Bland and Altman[15] expanded this idea by graphically showing the difference in each point, the average difference and the limits of vertical match with the average of the two horizontal ratings. The resulting Bland-Altman plot shows not only the general degree of compliance, but also whether the agreement is related to the underlying value of the article. For example, two advisors could closely match the estimate of the size of small objects, but could disagree on larger objects. Concordance Reliability among observers Interrater agreement; The reliability of the scores Agreement and kappa statistics were also used to assess the reliability of Inter-Rater services at the study sites for the eight simulated patient diagrams. Data extractions from diagrams simulated by site abstractions were verified with data absolved by the experienced graphic abstractionist who served as the gold standard. Sensitivity and specificity estimates were calculated to compare the results of all raters with the gold standard. While the correlation analyses used (mostly pearson correlations) provide information on the strength of the relationship between two groups of values, they do not cover the agreement between the elderly at all (Bland and Altman, 2003). Kottner et al., 2011). Nevertheless, allegations of inter-rated agreement are often drawn from correlation analyses (see z.B. Bishop and Baird, 2001; Janus, 2001; Van Noord and Prevatt, 2002; Norbury et al., 2004; Bishop et al., 2006; Massa et al., 2008; Gudmundsson and Gretarsson, 2009.) The error of such conclusions is easy to detect: a perfect linear correlation can be obtained if one group of advisors systematically distinguishes itself (by an almost consistent amount) from another, although there is not a single absolute match. On the other hand, an agreement is reached only if points are on the line (or within a field) of the equality of the two ratings (Bland and Altman, 1986; Liao et al., 2010).

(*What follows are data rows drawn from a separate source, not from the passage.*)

(* Let $\alpha\in\ell^\infty_w$ satisfy $G_{\tilde\psi,\psi}\alpha=\alpha$. Then there exists $f\in\mathcal H^\infty_w$ with $C_{\tilde\psi}f=\alpha$, i.e. $\alpha\in R(C_{\tilde\psi})$.
   Context: Standing setting. $\mathcal H$ is a separable complex Hilbert space with inner product $\langle\cdot,\cdot\rangle$, linear in the first and conjugate-linear in the second argument. $X$ is a countable index set. A weight is a map $w:X\to(0,\infty)$; $\ell^\infty_w$ is the Banach space of sequences $\alpha=(\alpha_k)_{k\in X}$ with $\|\alpha\|_{\ell^\infty_w}:=\sup_{k\in X}|\alpha_k|w(k)<\infty$. $\psi=(\psi_k)_{k\in X}$ is a frame for $\mathcal H$ and $\tilde\psi=(\tilde\psi_k)_{k\in X}$ is a dual frame, i.e. $f=\sum_{k}\langle f,\tilde\psi_k\rangle\psi_k=\sum_k\langle f,\psi_k\rangle\tilde\psi_k$ for all $f\in\mathcal H$ (unconditional convergence in $\mathcal H$). The cross Gram matrix $G_{\tilde\psi,\psi}$ has entries $(G_{\tilde\psi,\psi})_{k,l}=\langle\psi_l,\tilde\psi_k\rangle$ and acts by $(G_{\tilde\psi,\psi}\alpha)_k=\sum_{l\in X}\langle\psi_l,\tilde\psi_k\rangle\alpha_l$; it is assumed to define a bounded operator on $\ell^\infty_w$, meaning these series converge absolutely for every $\alpha\in\ell^\infty_w$ and $G_{\tilde\psi,\psi}:\ell^\infty_w\to\ell^\infty_w$ is bounded (equivalently $\|G_{\tilde\psi,\psi}\|_{\mathcal B(\ell^\infty_w)}=\sup_{k}\sum_{l}|\langle\psi_l,\tilde\psi_k\rangle|\,w(k)/w(l)<\infty$). Let $\mathcal H^{00}:=\operatorname{span}\{\tilde\psi_k:k\in X\}$ (finite linear combinations), a dense subspace of $\mathcal H$. Equip $\mathcal H$ with the locally convex topology $\sigma(\mathcal H,\mathcal H^{00})$ generated by the seminorms $f\mapsto|\langle f,v\rangle|$, $v\in\mathcal H^{00}$ (Hausdorff and metrizable). Let $\overline{\mathcal H}$ be the completion of $\mathcal H$ in this topology, with $\mathcal H\subseteq\overline{\mathcal H}$, and for each $v\in\mathcal H^{00}$ let $f\mapsto\langle f,v\rangle_{\overline{\mathcal H},\mathcal H^{00}}$ be the unique continuous linear extension of $f\mapsto\langle f,v\rangle$ to $\overline{\mathcal H}$. Define $\mathcal H^\infty_w$ as the set of all $f\in\overline{\mathcal H}$ for which there is a sequence $(f_n)_{n\ge1}\subseteq\mathcal H$ converging to $f$ in $\sigma(\overline{\mathcal H},\mathcal H^{00})$ (i.e. $\langle f_n,v\rangle\to\langle f,v\rangle_{\overline{\mathcal H},\mathcal H^{00}}$ for all $v\in\mathcal H^{00}$) with $\sup_{n\in\mathbb N,k\in X}|\langle f_n,\tilde\psi_k\rangle|w(k)<\infty$. The coefficient operator is $C_{\tilde\psi}:\mathcal H^\infty_w\to\ell^\infty_w$, $C_{\tilde\psi}f=(\langle f,\tilde\psi_k\rangle_{\overline{\mathcal H},\mathcal H^{00}})_{k\in X}$, and $R(C_{\tilde\psi})$ denotes its range. *)

From HB Require Import structures.
From mathcomp Require Import all_boot all_order all_algebra.
From mathcomp Require Import complex.
From mathcomp Require Import reals.
Set Implicit Arguments. Unset Strict Implicit. Unset Printing Implicit Defensive.
Import Order.TTheory GRing.Theory Num.Theory.
Local Open Scope ring_scope.

Section Defs.
Variable R : realType.
Local Notation C := (R[i]).

Definition ccvg_to (u : nat -> C) (z : C) : Prop :=
  forall e : C, 0 < e -> exists N : nat, forall n : nat, (N <= n)%N -> `|u n - z| < e.

Definition ccauchy (u : nat -> C) : Prop :=
  forall e : C, 0 < e -> exists N : nat,
    forall m n : nat, (N <= m)%N -> (N <= n)%N -> `|u m - u n| < e.

Variable H : lmodType C.
Variable ip : H -> H -> C.  (* <f,g>, linear in f, conjugate linear in g *)

Definition is_inner_product : Prop :=
  [/\ (forall (a : C) (f g h : H), ip (a *: f + g) h = a * ip f h + ip g h),
      (forall f g : H, ip g f = (ip f g)^*),
      (forall f : H, 0 <= ip f f) &
      (forall f : H, ip f f = 0 -> f = 0)].

(* ||f||^2 = <f,f>;  "||f|| < eps for all eps" is expressed through ||f||^2 *)
Definition hcvg_to (u : nat -> H) (f : H) : Prop :=
  forall e : C, 0 < e -> exists N : nat, forall n : nat, (N <= n)%N ->
    ip (u n - f) (u n - f) < e.

Definition hcauchy (u : nat -> H) : Prop :=
  forall e : C, 0 < e -> exists N : nat, forall m n : nat, (N <= m)%N -> (N <= n)%N ->
    ip (u m - u n) (u m - u n) < e.

Definition is_hilbert : Prop :=
  [/\ is_inner_product,
      (forall u : nat -> H, hcauchy u -> exists f, hcvg_to u f) &
      (exists d : nat -> H, forall (f : H) (e : C), 0 < e ->
         exists n : nat, ip (f - d n) (f - d n) < e)].

Variable X : countType.

(* net of finite partial sums (finite subsets represented by duplicate-free lists) *)
Definition hsum_to (u : X -> H) (f : H) : Prop :=
  forall e : C, 0 < e -> exists F0 : seq X, uniq F0 /\
    forall F : seq X, uniq F -> {subset F0 <= F} ->
      ip (f - \sum_(k <- F) u k) (f - \sum_(k <- F) u k) < e.

Definition csum_to (u : X -> C) (z : C) : Prop :=
  forall e : C, 0 < e -> exists F0 : seq X, uniq F0 /\
    forall F : seq X, uniq F -> {subset F0 <= F} ->
      `|z - \sum_(k <- F) u k| < e.

Definition is_frame (psi : X -> H) : Prop :=
  exists A B : C, [/\ 0 < A, 0 < B &
    forall f : H, exists s : C,
      csum_to (fun k => `|ip f (psi k)| ^+ 2) s /\ A * ip f f <= s <= B * ip f f].

Definition is_dual_frame (psi psit : X -> H) : Prop :=
  [/\ is_frame psi, is_frame psit &
      forall f : H, hsum_to (fun k => ip f (psit k) *: psi k) f /\
                    hsum_to (fun k => ip f (psi k) *: psit k) f].

(* H^{00} = span{ psit_k } (finite linear combinations) *)
Definition in_span (psit : X -> H) (v : H) : Prop :=
  exists (F : seq X) (c : X -> C), v = \sum_(k <- F) c k *: psit k.

Definition is_weight (w : X -> R) : Prop := forall k, 0 < w k.

Definition in_linf_w (w : X -> R) (alpha : X -> C) : Prop :=
  exists M : C, forall k : X, `|alpha k| * ((w k)%:C)%C <= M.

(* ||G||_{B(l^oo_w)} = sup_k sum_l |<psi_l, psit_k>| w(k)/w(l) < oo *)
Definition gram_bounded (w : X -> R) (psi psit : X -> H) : Prop :=
  exists M : C, forall (k : X) (F : seq X), uniq F ->
    \sum_(l <- F) `|ip (psi l) (psit k)| * ((w k)%:C)%C / ((w l)%:C)%C <= M.

Definition gram_fixed (psi psit : X -> H) (alpha : X -> C) : Prop :=
  forall k : X, csum_to (fun l => ip (psi l) (psit k) * alpha l) (alpha k).

(* Hb with the embedding iota and the extended pairings pb x v (v in H^00),
   Hb carrying the initial topology of the maps x |-> pb x v, is a completion:
   compatible with <.,.>, Hausdorff, sequentially complete and sequentially dense
   (the topology is metrizable, so sequences suffice). *)
Definition is_weak_completion (psit : X -> H) (Hb : Type) (iota : H -> Hb)
  (pb : Hb -> H -> C) : Prop :=
  [/\ (forall f v, in_span psit v -> pb (iota f) v = ip f v),
      (forall x y : Hb, (forall v, in_span psit v -> pb x v = pb y v) -> x = y),
      (forall x : Hb, exists fn : nat -> H,
         forall v, in_span psit v -> ccvg_to (fun n => ip (fn n) v) (pb x v)) &
      (forall xn : nat -> Hb, (forall v, in_span psit v -> ccauchy (fun n => pb (xn n) v)) ->
         exists x : Hb, forall v, in_span psit v -> ccvg_to (fun n => pb (xn n) v) (pb x v))].

Definition in_Hinf_w (w : X -> R) (psit : X -> H) (Hb : Type) (pb : Hb -> H -> C)
  (x : Hb) : Prop :=
  exists fn : nat -> H,
    (forall v, in_span psit v -> ccvg_to (fun n => ip (fn n) v) (pb x v)) /\
    (exists M : C, forall (n : nat) (k : X), `|ip (fn n) (psit k)| * ((w k)%:C)%C <= M).

Definition coef_op (psit : X -> H) (Hb : Type) (pb : Hb -> H -> C) (x : Hb) : X -> C :=
  fun k => pb x (psit k).

End Defs.

(** The candidate is the weak limit of the truncated syntheses
    f_n = \sum_(l in F_n) alpha_l psi_l along an exhaustion (F_n) of X by finite sets.
    The fixed-point equation G alpha = alpha says exactly that <f_n, psit_k> -> alpha_k,
    hence <f_n, v> converges for every v in span{psit_k}; the sequence is therefore
    weakly Cauchy and converges in the completion to some x with C_psit x = alpha.
    Boundedness of G on l^oo_w bounds |<f_n, psit_k>| w(k) by ||G|| ||alpha||
    uniformly in n, so x lies in H^oo_w. *)
From HB Require Import structures.
From mathcomp Require Import all_boot all_order all_algebra.
From mathcomp Require Import complex.
From mathcomp Require Import reals.
From mathcomp Require Import ring.
From Stdlib Require Import FunctionalExtensionality.
Import Order.TTheory GRing.Theory Num.Theory.
Local Open Scope ring_scope.

Section ComplexSequences.
Context {R : realType}.
Local Notation C := (R[i]).

Lemma eq_ccvg {u v : nat -> C} {a : C} : u =1 v -> ccvg_to u a -> ccvg_to v a.
Proof. by move=> /functional_extensionality ->. Qed.

Lemma ccvgD {u v : nat -> C} {a b : C} : ccvg_to u a -> ccvg_to v b ->
  ccvg_to (fun n => u n + v n) (a + b).
Proof.
move=> hu hv e e0.
have e20 : 0 < e / 2 by rewrite divr_gt0.
have [N1 hN1] := hu _ e20; have [N2 hN2] := hv _ e20.
exists (maxn N1 N2) => n hn.
rewrite opprD addrACA (splitr e).
apply: le_lt_trans (ler_normD _ _) _.
by rewrite ltrD // ?hN1 ?hN2 // (leq_trans _ hn) // ?leq_maxl ?leq_maxr.
Qed.

Lemma ccvgMl {u : nat -> C} {a : C} (c : C) : ccvg_to u a ->
  ccvg_to (fun n => c * u n) (c * a).
Proof.
move=> hu e e0.
have [->|c0] := eqVneq c 0.
  by exists 0%N => n _; rewrite !mul0r subrr normr0.
have nc : 0 < `|c| by rewrite normr_gt0.
have [N hN] := hu (e / `|c|) (divr_gt0 e0 nc).
exists N => n hn.
by rewrite -mulrBr normrM mulrC -ltr_pdivlMr // hN.
Qed.

Lemma ccvg_sum {I : Type} (F : seq I) (u : I -> nat -> C) (a : I -> C) :
  (forall k, ccvg_to (u k) (a k)) ->
  ccvg_to (fun n => \sum_(k <- F) u k n) (\sum_(k <- F) a k).
Proof.
move=> hu; elim: F => [|k F IH].
  by move=> e e0; exists 0%N => n _; rewrite !big_nil subrr normr0.
move=> e e0; have [N hN] := ccvgD (hu k) IH e e0.
by exists N => n hn; rewrite !big_cons; apply: hN.
Qed.

Lemma ccvg_cauchy {u : nat -> C} {a : C} : ccvg_to u a -> ccauchy u.
Proof.
move=> hu e e0.
have e20 : 0 < e / 2 by rewrite divr_gt0.
have [N hN] := hu _ e20.
exists N => m n hm hn.
rewrite -(subrKA a) (splitr e).
apply: le_lt_trans (ler_normD _ _) _.
by rewrite ltrD ?hN // distrC hN.
Qed.

Lemma ccvg_uniq {u : nat -> C} {a b : C} : ccvg_to u a -> ccvg_to u b -> a = b.
Proof.
move=> ha hb; apply/eqP; apply: contraT => nab.
have d0 : 0 < `|a - b| / 2 by rewrite divr_gt0 // normr_gt0 subr_eq0.
have [N1 h1] := ha _ d0; have [N2 h2] := hb _ d0.
have := ltrD (h1 _ (leq_maxl N1 N2)) (h2 _ (leq_maxr N1 N2)).
rewrite -splitr (distrC _ a) => hlt.
by have := le_lt_trans (ler_distD _ a b) hlt; rewrite ltxx.
Qed.

End ComplexSequences.

Section CountableExhaustion.
Context {R : realType} {X : countType}.

Definition pickle_below (n : nat) : seq X := pmap (@pickle_inv X) (iota 0 n).

Lemma pickle_below_uniq n : uniq (pickle_below n).
Proof. exact/(pmap_uniq (@pickle_invK X))/iota_uniq. Qed.

Lemma mem_pickle_below n l : (l \in pickle_below n) = (pickle l < n)%N.
Proof.
rewrite mem_pmap; apply/mapP/idP => [[i hi hs]|hl].
  move/(congr1 (oapp pickle i)): hs; rewrite pickle_invK /= => ->.
  by move: hi; rewrite mem_iota.
by exists (pickle l); rewrite ?mem_iota ?pickleK_inv.
Qed.

Lemma csum_to_cvg_pickle_below {u : X -> R[i]} {z : R[i]} : csum_to u z ->
  ccvg_to (fun n => \sum_(l <- pickle_below n) u l) z.
Proof.
move=> hu e e0; have [F0 [_ hF0]] := hu e e0.
exists (\max_(l <- F0) (pickle l).+1) => n hn.
rewrite distrC; apply: hF0; first exact: pickle_below_uniq.
move=> l hl; rewrite mem_pickle_below; apply: leq_trans hn.
exact: (@leq_bigmax_seq _ F0 xpredT (fun l => (pickle l).+1)).
Qed.

Lemma weighted_sum_le (w : X -> R) (c g : X -> R[i]) (F : seq X) (s Ma MG : R[i]) :
  is_weight w -> 0 <= s -> 0 <= Ma -> (forall l, `|c l| * (w l)%:C%C <= Ma) ->
  \sum_(l <- F) `|g l| * s / (w l)%:C%C <= MG ->
  `|\sum_(l <- F) c l * g l| * s <= Ma * MG.
Proof.
move=> hw s0 Ma0 hc hg.
apply: le_trans (ler_wpM2r s0 (ler_norm_sum _ _ _)) _.
rewrite mulr_suml; apply: le_trans (ler_wpM2l Ma0 hg).
rewrite mulr_sumr; apply: ler_sum => l _.
have wl0 : 0 < (w l)%:C%C by rewrite ltcR.
have -> : `|c l * g l| * s = `|c l| * (w l)%:C%C * (`|g l| * s / (w l)%:C%C).
  by rewrite normrM; field; rewrite gt_eqF.
by rewrite ler_wpM2r // ?hc // divr_ge0 ?mulr_ge0 // ltW.
Qed.

End CountableExhaustion.

Section InnerProduct.
Context {R : realType}.
Local Notation C := (R[i]).
Context {H : lmodType C} {ip : H -> H -> C}.
Hypothesis ipl : forall (a : C) (f g h : H), ip (a *: f + g) h = a * ip f h + ip g h.
Hypothesis ipc : forall f g : H, ip g f = (ip f g)^*.

Lemma ip0l g : ip 0 g = 0.
Proof.
have := ipl 1 0 0 g; rewrite scaler0 addr0 mul1r => h.
by apply: (@addrI _ (ip 0 g)); rewrite addr0 -h.
Qed.

Lemma ip_suml (I : Type) (F : seq I) (c : I -> C) (p : I -> H) g :
  ip (\sum_(l <- F) c l *: p l) g = \sum_(l <- F) c l * ip (p l) g.
Proof.
elim: F => [|k F IH]; first by rewrite !big_nil ip0l.
by rewrite !big_cons ipl IH.
Qed.

Lemma ip_sumr (I : Type) (F : seq I) (c : I -> C) (p : I -> H) f :
  ip f (\sum_(l <- F) c l *: p l) = \sum_(l <- F) (c l)^* * ip f (p l).
Proof.
rewrite ipc ip_suml rmorph_sum; apply: eq_bigr => l _.
by rewrite rmorphM [in RHS]ipc.
Qed.

Context {X : countType}.
Variable psit : X -> H.

Lemma ccvg_ip_span {u : nat -> H} {a : X -> C} v :
  (forall k, ccvg_to (fun n => ip (u n) (psit k)) (a k)) -> in_span psit v ->
  exists z, ccvg_to (fun n => ip (u n) v) z.
Proof.
move=> hu [F [c ->]]; exists (\sum_(k <- F) (c k)^* * a k).
have := ccvg_sum F (fun k n => (c k)^* * ip (u n) (psit k)) _ (fun k => ccvgMl _ (hu k)).
by apply: eq_ccvg => n; rewrite ip_sumr.
Qed.

Lemma weak_completion_limit {Hb : Type} {iota : H -> Hb} {pb : Hb -> H -> C}
  (u : nat -> H) :
  is_weak_completion ip psit iota pb ->
  (forall v, in_span psit v -> exists z, ccvg_to (fun n => ip (u n) v) z) ->
  exists x, forall v, in_span psit v -> ccvg_to (fun n => ip (u n) v) (pb x v).
Proof.
move=> [hemb _ _ hcomp] hu.
have pb_iota v : in_span psit v -> (fun n => pb (iota (u n)) v) = (fun n => ip (u n) v).
  by move=> hv; apply: functional_extensionality => n; rewrite hemb.
have [|x hx] := hcomp (fun n => iota (u n)).
  by move=> v hv; have [z /ccvg_cauchy] := hu v hv; rewrite -pb_iota.
by exists x => v hv; rewrite -pb_iota //; apply: hx.
Qed.

Definition synthesis_trunc (psi : X -> H) (alpha : X -> C) (n : nat) : H :=
  \sum_(l <- pickle_below n) alpha l *: psi l.

Lemma synthesis_trunc_coef_cvg {psi : X -> H} {alpha : X -> C} k :
  gram_fixed ip psi psit alpha ->
  ccvg_to (fun n => ip (synthesis_trunc psi alpha n) (psit k)) (alpha k).
Proof.
move=> hfix; have := csum_to_cvg_pickle_below (hfix k).
by apply: eq_ccvg => n; rewrite ip_suml; apply: eq_bigr => l _; rewrite mulrC.
Qed.

End InnerProduct.

Theorem mainTheorem8 (R : realType) (H : lmodType R[i]) (ip : H -> H -> R[i])
  (X : countType) (psi psit : X -> H) (w : X -> R)
  (Hb : Type) (iota : H -> Hb) (pb : Hb -> H -> R[i]) (alpha : X -> R[i]) :
  is_hilbert ip ->
  is_dual_frame ip psi psit ->
  is_weight w ->
  gram_bounded ip w psi psit ->
  is_weak_completion ip psit iota pb ->
  in_linf_w w alpha ->
  gram_fixed ip psi psit alpha ->
  exists x : Hb, in_Hinf_w ip w psit pb x /\ coef_op psit pb x = alpha.
Proof.
move=> [[ipl ipc _ _] _ _] _ hw [MG hMG] hcompl [Ma hMa] hfix.
pose f := synthesis_trunc psi alpha.
have hcoef k := synthesis_trunc_coef_cvg ipl psit k hfix.
have [x hx] := weak_completion_limit psit f hcompl
  (fun v => ccvg_ip_span ipl ipc psit v hcoef).
have psit_span k : in_span psit (psit k).
  by exists [:: k], (fun _ => 1); rewrite big_seq1 scale1r.
exists x; split; last first.
  by apply: functional_extensionality => k; exact: ccvg_uniq (hx _ _) (hcoef k).
exists f; split => //; exists (Ma * MG) => n k.
have wk0 : 0 <= (w k)%:C%C by rewrite lecR ltW.
rewrite /f /synthesis_trunc (ip_suml ipl).
apply: weighted_sum_le => //; last exact: hMG (pickle_below_uniq n).
exact: le_trans (mulr_ge0 (normr_ge0 _) wk0) (hMa k).
Qed.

Therefore, correlation-based analyses do not measure the match between rats and are not sufficient to briefly assess reliability between boards. As Stemler (2004) pointed out, reliability is not a uniform approach and cannot be covered solely by correlations. To show how the three concepts intertwine the reliability of rats, expressed here as intraclass correlation coefficients (ICC, see Liao et al., 2010; Kottner et al., 2011), agreement (sometimes called consensus), see z.B Stemler, 2004) and correlation (here: Pearson correlations) complement each other in assessing the consistency of ratings.